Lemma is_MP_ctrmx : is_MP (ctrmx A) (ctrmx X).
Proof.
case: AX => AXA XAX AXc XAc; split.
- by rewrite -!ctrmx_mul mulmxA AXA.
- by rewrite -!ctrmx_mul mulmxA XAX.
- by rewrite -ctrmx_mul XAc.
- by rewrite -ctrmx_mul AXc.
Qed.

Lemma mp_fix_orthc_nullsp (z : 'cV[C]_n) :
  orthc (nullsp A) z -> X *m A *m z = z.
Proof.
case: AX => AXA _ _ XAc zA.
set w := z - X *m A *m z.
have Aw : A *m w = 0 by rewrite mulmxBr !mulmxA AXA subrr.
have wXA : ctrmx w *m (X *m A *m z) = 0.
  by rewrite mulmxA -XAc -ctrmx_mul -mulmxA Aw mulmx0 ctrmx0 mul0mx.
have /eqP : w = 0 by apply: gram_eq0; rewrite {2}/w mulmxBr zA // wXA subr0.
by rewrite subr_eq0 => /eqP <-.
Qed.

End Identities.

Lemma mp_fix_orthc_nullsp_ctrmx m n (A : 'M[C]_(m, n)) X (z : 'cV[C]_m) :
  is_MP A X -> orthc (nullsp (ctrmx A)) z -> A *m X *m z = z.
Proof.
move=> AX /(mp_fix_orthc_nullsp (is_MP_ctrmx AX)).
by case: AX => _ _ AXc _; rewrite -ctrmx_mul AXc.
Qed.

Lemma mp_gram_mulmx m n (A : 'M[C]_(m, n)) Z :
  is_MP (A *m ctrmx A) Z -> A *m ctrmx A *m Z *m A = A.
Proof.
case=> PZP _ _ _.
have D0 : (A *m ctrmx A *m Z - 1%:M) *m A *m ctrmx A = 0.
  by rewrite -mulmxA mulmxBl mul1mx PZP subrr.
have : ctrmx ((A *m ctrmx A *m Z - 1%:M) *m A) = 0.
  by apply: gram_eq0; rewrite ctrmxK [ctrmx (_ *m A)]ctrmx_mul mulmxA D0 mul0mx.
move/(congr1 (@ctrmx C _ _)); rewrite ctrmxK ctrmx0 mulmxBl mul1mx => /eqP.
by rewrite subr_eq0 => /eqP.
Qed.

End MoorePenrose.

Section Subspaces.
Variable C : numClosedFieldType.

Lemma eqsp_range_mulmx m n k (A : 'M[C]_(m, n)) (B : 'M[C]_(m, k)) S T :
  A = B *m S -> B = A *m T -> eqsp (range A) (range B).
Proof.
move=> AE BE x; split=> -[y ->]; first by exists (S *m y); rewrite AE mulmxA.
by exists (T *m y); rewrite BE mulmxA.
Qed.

Goal of the exercise.
Would you return each line of the material above, unchanged, from the first one through the line where "have D0 : (A" appears?

Answer below.
Lemma is_MP_ctrmx : is_MP (ctrmx A) (ctrmx X).
Proof.
case: AX => AXA XAX AXc XAc; split.
- by rewrite -!ctrmx_mul mulmxA AXA.
- by rewrite -!ctrmx_mul mulmxA XAX.
- by rewrite -ctrmx_mul XAc.
- by rewrite -ctrmx_mul AXc.
Qed.

Lemma mp_fix_orthc_nullsp (z : 'cV[C]_n) :
  orthc (nullsp A) z -> X *m A *m z = z.
Proof.
case: AX => AXA _ _ XAc zA.
set w := z - X *m A *m z.
have Aw : A *m w = 0 by rewrite mulmxBr !mulmxA AXA subrr.
have wXA : ctrmx w *m (X *m A *m z) = 0.
  by rewrite mulmxA -XAc -ctrmx_mul -mulmxA Aw mulmx0 ctrmx0 mul0mx.
have /eqP : w = 0 by apply: gram_eq0; rewrite {2}/w mulmxBr zA // wXA subr0.
by rewrite subr_eq0 => /eqP <-.
Qed.

End Identities.

Lemma mp_fix_orthc_nullsp_ctrmx m n (A : 'M[C]_(m, n)) X (z : 'cV[C]_m) :
  is_MP A X -> orthc (nullsp (ctrmx A)) z -> A *m X *m z = z.
Proof.
move=> AX /(mp_fix_orthc_nullsp (is_MP_ctrmx AX)).
by case: AX => _ _ AXc _; rewrite -ctrmx_mul AXc.
Qed.

Lemma mp_gram_mulmx m n (A : 'M[C]_(m, n)) Z :
  is_MP (A *m ctrmx A) Z -> A *m ctrmx A *m Z *m A = A.
Proof.
case=> PZP _ _ _.
have D0 : (A *m ctrmx A *m Z - 1%:M) *m A *m ctrmx A = 0.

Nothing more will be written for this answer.